There’s a DIY zeitgeist taking over the publishing industry, and I like it. I think you do too, readers of this online community news publication. While the movement may have been sparked by this information age of ours, it is now being carried along by the people who have come to understand their own power and through the anarchy of infinite possibilities are able to actualize themselves. One such person is my friend, former co-worker, and writing group mate Nick Oskey. Your friendly neighborhood barista (Nick slings coffee at the Hennepin Spyhouse), in addition to having self-published a book a few years ago, has just founded Minnesota’s newest small press: Skullduggery Publishing.
Nick might be taking the term “publishing house” too literally; he is running Skullduggery out of his home, which means that his office has a really nice view (his apartment overlooks the Walker Art Center and much of Loring Park). Walking into Nick’s home is like walking into a bookish heaven: cats, books, computers, and dark wood paneling everywhere. Arranged neatly in one corner of his home are all of the machines needed for Skullduggery to begin business. He has everything he will need to produce his low-budget, highly creative products: a laptop, a high-level office printer, stacks of paper, an industrial paper cutter that can slice hundreds of pages at a time, and a machine to affix the book covers (the printing of which is the only step in the process he is outsourcing) to the bound books. Looking around all I could think was, this is how everything great starts.
A double major in marketing and information systems turned businessman turned barista turned author turned publisher, Oskey explains that his intrepid journey from young businessman to still young but older and more artsy businessman was pretty simple. “I knew near the end of my college career that I didn’t really want to join the business world, and after a few years of working within it I was pretty resolute that it wasn’t something I’d enjoy in the long run…The years went by quickly and the pay was comfortable and I could just imagine 20 years of that flying by pretty quickly. I quit because I didn’t particularly want that to happen and I did very much want to write a novel finally. That was a passion and a dream.”
Although Nick used the “D” word, he didn’t let his fantasies of becoming an author float away into the ether. With some time, a little money, and the discovery of Lulu—a printing service for self-publishers everywhere—Nick was able to publish his novel, Embracing Solace in the Fanciful & Weird, quickly, but not necessarily efficiently. “I wanted to validate my decision of quitting a professional career by finally just achieving this goal I had of writing a novel.
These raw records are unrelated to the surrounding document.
(* Otherwise one corner of the triangle would be alone around its puncture. *)
Lemma T3_glue_other_triangle : T3 T -> forall s, (glue s).1 != s.1.
Proof.
move=> T3T [t i]; apply/negP => /eqP.
case Eg: (glue (t, i)) => [t' j] /= Et; subst t'.
have ji : j != i by apply: contraNneq (glue_nofix (t, i)) => Eji; rewrite Eg Eji.
suff [c rot_c] : exists c : side T, rot c = c.
  by move: (T3T c); rewrite /deg (order_fixpoint rot_c).
have [Ej|Ei] : j = ordS i \/ i = ordS j.
  by move: ji; case: (ord3_cases i) => ->; case: (ord3_cases j) => -> //= _;
    [left | right | right | left | left | right]; apply/val_inj.
  by exists (t, j); rewrite /rot -{1}Eg glue_invol /nextc /= Ej.
by exists (t, i); rewrite /rot Eg /nextc /= Ei.
Qed.

Lemma twice_nedges : nedges T * 2 = nt T * 3.
Proof.
rewrite /nedges (@fcard_order_set _ _ glue_inj 2) ?card_prod ?card_ord //.
apply/subsetP => x _; rewrite inE (@order_cycle _ _ [:: x; glue x]) //=.
- by rewrite glue_invol !eqxx.
- by rewrite inE andbT eq_sym glue_nofix.
- by rewrite inE eqxx.
Qed.

Lemma nt_gt0 : 0 < nverts T -> 0 < nt T.
Proof.
move=> /leq_trans/(_ (max_card _)); rewrite card_prod card_ord.
by case: (nt T).
Qed.

End TriangulationFacts.

Section AddPuncture.
Variable T : triangulation.
Variable t0 : 'I_(nt T).
Hypothesis T3T : T3 T.
Implicit Types s : side T.

(* The new puncture is created at the two ends of the arc {a0, a1}: it takes
   over the corners b0 and b1, the new triangles N0 and N1 are glued to a1 and
   a0 and to b0 and b1, and their sides 1 take over the old gluings of b0 and
   b1 (this is what [lift] records). *)
Definition a0 : side T := (t0, o0).
Definition b0 : side T := nextc a0.
Definition a1 : side T := glue a0.
Definition b1 : side T := nextc a1.

(* [inr (inl k)] and [inr (inr k)] are the sides of the new triangles N0, N1. *)
Definition xside := (side T + ('I_3 + 'I_3))%type.
Implicit Types y : xside.

Definition lift s : xside :=
  if s == b0 then inr (inl o1) else if s == b1 then inr (inr o1) else inl s.

Definition xglue y : xside :=
  match y with
  | inl s => if s == a0 then inr (inr o0) else if s == a1 then inr (inl o0)
             else if s == b0 then inr (inl o2) else if s == b1 then inr (inr o2)
             else lift (glue s)
  | inr (inl k) => match val k with 0 => inl a1 | 1 => lift (glue b0) | _ => inl b0 end
  | inr (inr k) => match val k with 0 => inl a0 | 1 => lift (glue b1) | _ => inl b1 end
  end.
It was easy for me to feel very foolish and stupid about taking such a leap so the book was going to be that thing that made it feel like a less insane decision than it really was,” Nick says. “The process of writing the entire book and self-publishing took me about four months, which is behavior I wouldn’t condone.” This realization is part of the reason that in the coming months Embracing Solace will be getting a facelift under the new umbrella of Skullduggery Publishing.
While I have heard that it’s not a particularly good idea to publish your own work as an editor, Nick isn’t reworking his book to exercise his new printing power, rather he explains that it will serve another, more important purpose for Skullduggery. “The enjoyment of republishing my book is twofold. First, it’s getting a second chance. Second, I get to use it as a guinea pig for what may or may not work in publishing and distribution without compromising the work of someone else. For example, I’m going to offer my book as a free ebook right away telling people to purchase a print copy for themselves [or for] a friend or donate one to a library if they enjoyed it. The other authors will be more comfortable doing something similar if the results are good.”
In addition to his own book, he is hoping to publish two other books (both written by friends of his) by the holidays. As much as some might balk at the notion of mixing business and friendships, Oskey has assessed the risks but chooses to continue with his current projects. He says that while he’s “excited about the prospect of publishing books of [his] friends” he isn’t exactly happy about the prospect of having to choose the work of one friend over another. “Publishing a book is extremely time consuming and also expensive,” Nick says, “so I won’t have the capacity to publish very many. For example I may only publish four books or so next year. Telling a friend that I went with another friend’s book or a complete stranger’s book over theirs is not something I’m looking forward to.”
Listening to Nick talk about his business plan, how he is funding himself, and his ploy to get a multi-person job done all by himself, it seems like starting a publishing company is so simple, and if it’s so simple, why doesn’t everybody just do it? The possibility is there. Hundreds of small presses launch every year. Sure, some of them fail, but others go on to become things like Coffee House Press, Milkweed Editions, Soft Skull Press, or Novello Festival Press. Either way, the important part here is that people try; anyone can do that, at the very least. Even if much of the world’s success rests upon the relationship between right place to right time, if you’re not out there you’ll never find yourself at that intersection. A hearty huzzah to the world’s truest of boot-strappers: those who can successfully do it themselves.